DIRECTIONS - With the records below as your source, retype each line exactly from the top down to the line that contains "repeat first [ progress", and include that line.

** RECORDS FOR THE TASK follows **

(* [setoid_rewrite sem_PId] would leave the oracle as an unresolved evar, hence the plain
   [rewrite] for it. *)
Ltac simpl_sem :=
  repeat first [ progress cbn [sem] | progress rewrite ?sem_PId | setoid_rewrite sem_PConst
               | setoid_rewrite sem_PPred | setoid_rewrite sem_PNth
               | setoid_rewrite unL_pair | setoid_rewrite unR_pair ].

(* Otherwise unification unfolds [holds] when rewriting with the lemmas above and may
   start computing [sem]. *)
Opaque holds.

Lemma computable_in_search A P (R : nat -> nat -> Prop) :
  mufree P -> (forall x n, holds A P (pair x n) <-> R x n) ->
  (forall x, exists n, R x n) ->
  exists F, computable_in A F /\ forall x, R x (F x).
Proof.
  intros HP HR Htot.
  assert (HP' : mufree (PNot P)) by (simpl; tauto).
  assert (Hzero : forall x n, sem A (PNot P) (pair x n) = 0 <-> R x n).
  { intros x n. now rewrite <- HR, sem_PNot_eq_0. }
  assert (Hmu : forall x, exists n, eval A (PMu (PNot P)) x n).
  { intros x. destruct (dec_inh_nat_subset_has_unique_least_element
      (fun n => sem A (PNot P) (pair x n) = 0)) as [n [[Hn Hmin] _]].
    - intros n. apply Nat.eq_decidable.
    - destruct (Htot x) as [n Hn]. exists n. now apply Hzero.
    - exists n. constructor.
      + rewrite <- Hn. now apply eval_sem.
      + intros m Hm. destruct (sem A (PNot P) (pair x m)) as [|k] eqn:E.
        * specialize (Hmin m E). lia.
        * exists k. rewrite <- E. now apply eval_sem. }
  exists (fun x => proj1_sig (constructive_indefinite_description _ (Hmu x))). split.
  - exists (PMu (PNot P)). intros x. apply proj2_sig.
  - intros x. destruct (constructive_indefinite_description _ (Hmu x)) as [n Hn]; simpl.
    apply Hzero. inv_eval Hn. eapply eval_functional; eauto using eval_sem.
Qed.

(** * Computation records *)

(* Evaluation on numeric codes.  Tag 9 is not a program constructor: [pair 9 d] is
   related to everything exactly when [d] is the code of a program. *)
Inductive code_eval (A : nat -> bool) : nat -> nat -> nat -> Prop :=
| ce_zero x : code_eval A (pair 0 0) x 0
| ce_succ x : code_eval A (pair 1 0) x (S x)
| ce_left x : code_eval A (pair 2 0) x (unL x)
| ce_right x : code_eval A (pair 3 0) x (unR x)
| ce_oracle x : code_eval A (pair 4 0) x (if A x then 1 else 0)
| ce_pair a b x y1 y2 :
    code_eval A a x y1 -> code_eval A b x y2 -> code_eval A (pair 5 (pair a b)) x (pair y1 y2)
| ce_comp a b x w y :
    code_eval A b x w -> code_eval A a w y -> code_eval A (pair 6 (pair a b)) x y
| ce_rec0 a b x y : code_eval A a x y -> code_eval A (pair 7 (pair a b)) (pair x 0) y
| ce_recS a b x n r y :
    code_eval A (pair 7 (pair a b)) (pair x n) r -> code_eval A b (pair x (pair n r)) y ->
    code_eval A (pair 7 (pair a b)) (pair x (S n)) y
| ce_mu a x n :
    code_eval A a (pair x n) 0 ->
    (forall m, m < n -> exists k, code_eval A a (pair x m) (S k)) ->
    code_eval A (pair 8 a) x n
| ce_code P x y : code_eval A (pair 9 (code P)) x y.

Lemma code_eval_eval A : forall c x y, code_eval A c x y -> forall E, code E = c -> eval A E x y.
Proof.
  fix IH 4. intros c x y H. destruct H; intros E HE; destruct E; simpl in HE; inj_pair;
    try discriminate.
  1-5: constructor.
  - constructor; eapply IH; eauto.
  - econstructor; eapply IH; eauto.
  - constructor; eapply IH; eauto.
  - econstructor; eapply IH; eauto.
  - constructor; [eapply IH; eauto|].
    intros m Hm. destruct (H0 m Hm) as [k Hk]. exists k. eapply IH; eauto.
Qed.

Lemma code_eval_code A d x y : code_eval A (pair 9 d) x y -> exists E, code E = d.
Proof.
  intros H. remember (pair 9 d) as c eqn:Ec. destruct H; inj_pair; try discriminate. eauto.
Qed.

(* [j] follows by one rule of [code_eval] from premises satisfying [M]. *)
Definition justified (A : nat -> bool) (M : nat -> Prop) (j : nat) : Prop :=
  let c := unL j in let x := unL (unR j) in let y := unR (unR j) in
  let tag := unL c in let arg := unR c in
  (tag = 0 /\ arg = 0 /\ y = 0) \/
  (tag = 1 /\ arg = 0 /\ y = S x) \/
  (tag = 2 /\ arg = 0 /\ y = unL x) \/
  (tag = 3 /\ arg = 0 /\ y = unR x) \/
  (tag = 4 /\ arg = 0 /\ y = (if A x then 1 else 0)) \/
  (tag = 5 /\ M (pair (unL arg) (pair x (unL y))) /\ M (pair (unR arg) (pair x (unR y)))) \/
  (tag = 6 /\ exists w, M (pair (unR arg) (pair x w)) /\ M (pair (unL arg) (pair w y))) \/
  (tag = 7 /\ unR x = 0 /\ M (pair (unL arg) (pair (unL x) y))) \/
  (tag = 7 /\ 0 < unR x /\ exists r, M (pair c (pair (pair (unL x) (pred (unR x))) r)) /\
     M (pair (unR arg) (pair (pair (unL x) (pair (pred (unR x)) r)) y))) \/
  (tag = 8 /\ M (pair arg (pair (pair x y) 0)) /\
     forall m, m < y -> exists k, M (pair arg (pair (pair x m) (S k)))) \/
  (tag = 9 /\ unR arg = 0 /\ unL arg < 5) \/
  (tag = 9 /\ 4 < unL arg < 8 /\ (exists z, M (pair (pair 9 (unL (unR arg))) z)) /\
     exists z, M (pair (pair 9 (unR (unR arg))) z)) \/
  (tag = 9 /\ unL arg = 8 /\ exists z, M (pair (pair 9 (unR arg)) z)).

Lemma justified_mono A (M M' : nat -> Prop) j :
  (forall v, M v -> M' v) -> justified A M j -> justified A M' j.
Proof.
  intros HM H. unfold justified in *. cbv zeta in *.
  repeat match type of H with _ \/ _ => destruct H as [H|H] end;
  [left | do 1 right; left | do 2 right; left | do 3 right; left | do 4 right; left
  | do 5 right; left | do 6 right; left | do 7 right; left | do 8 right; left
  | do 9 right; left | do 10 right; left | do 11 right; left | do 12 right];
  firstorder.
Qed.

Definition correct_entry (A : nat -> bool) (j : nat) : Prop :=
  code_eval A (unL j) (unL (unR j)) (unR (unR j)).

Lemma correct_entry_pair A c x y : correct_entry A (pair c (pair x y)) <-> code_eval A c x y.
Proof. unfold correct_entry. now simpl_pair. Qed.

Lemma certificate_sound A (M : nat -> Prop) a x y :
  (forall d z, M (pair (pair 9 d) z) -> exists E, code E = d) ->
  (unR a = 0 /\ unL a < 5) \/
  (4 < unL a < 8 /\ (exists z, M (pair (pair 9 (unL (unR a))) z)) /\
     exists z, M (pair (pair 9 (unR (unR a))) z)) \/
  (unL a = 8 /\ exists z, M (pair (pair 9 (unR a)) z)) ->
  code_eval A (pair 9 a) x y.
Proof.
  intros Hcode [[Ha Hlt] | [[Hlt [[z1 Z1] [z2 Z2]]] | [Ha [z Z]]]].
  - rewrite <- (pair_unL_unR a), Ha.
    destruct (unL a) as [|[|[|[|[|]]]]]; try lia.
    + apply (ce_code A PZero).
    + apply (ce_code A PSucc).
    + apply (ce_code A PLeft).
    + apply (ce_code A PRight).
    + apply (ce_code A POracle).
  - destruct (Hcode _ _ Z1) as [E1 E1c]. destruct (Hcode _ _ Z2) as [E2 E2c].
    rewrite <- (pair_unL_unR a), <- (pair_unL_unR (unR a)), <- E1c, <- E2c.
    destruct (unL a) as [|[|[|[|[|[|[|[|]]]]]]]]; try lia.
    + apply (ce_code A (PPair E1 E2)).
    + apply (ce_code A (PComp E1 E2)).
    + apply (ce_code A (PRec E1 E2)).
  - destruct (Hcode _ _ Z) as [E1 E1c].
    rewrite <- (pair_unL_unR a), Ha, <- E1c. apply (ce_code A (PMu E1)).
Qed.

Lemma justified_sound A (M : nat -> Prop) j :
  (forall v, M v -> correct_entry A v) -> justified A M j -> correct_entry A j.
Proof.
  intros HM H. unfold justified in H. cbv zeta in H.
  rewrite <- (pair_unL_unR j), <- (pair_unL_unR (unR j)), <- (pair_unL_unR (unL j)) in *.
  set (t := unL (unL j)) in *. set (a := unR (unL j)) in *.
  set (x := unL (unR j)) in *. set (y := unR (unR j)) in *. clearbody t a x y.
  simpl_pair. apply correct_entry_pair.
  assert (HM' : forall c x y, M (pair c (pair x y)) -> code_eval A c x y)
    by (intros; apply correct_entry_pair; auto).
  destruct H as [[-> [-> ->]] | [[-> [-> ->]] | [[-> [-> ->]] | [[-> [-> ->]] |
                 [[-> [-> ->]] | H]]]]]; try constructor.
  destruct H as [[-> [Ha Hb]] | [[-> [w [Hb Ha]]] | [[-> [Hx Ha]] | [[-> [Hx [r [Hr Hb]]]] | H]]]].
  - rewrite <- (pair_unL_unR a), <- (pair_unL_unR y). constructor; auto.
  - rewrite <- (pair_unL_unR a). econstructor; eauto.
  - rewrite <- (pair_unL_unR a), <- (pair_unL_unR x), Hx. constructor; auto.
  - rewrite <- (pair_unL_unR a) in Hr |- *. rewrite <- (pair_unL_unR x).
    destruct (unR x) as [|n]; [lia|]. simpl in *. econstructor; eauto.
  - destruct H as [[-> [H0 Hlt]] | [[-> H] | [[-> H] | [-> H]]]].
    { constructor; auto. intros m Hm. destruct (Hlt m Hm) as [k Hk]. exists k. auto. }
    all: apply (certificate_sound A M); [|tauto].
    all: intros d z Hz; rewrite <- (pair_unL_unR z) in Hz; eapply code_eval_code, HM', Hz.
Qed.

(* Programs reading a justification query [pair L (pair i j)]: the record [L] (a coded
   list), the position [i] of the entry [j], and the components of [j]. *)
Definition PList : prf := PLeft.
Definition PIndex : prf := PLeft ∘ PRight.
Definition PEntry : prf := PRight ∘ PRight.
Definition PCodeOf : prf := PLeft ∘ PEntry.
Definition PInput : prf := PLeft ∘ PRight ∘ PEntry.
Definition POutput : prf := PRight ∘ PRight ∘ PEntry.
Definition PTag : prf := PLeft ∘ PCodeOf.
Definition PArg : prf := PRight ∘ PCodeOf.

** End of RECORDS FOR THE TASK **

EXPECTED ANSWER -
(* [setoid_rewrite sem_PId] would leave the oracle as an unresolved evar, hence the plain
   [rewrite] for it. *)
Ltac simpl_sem :=
  repeat first [ progress cbn [sem] | progress rewrite ?sem_PId | setoid_rewrite sem_PConst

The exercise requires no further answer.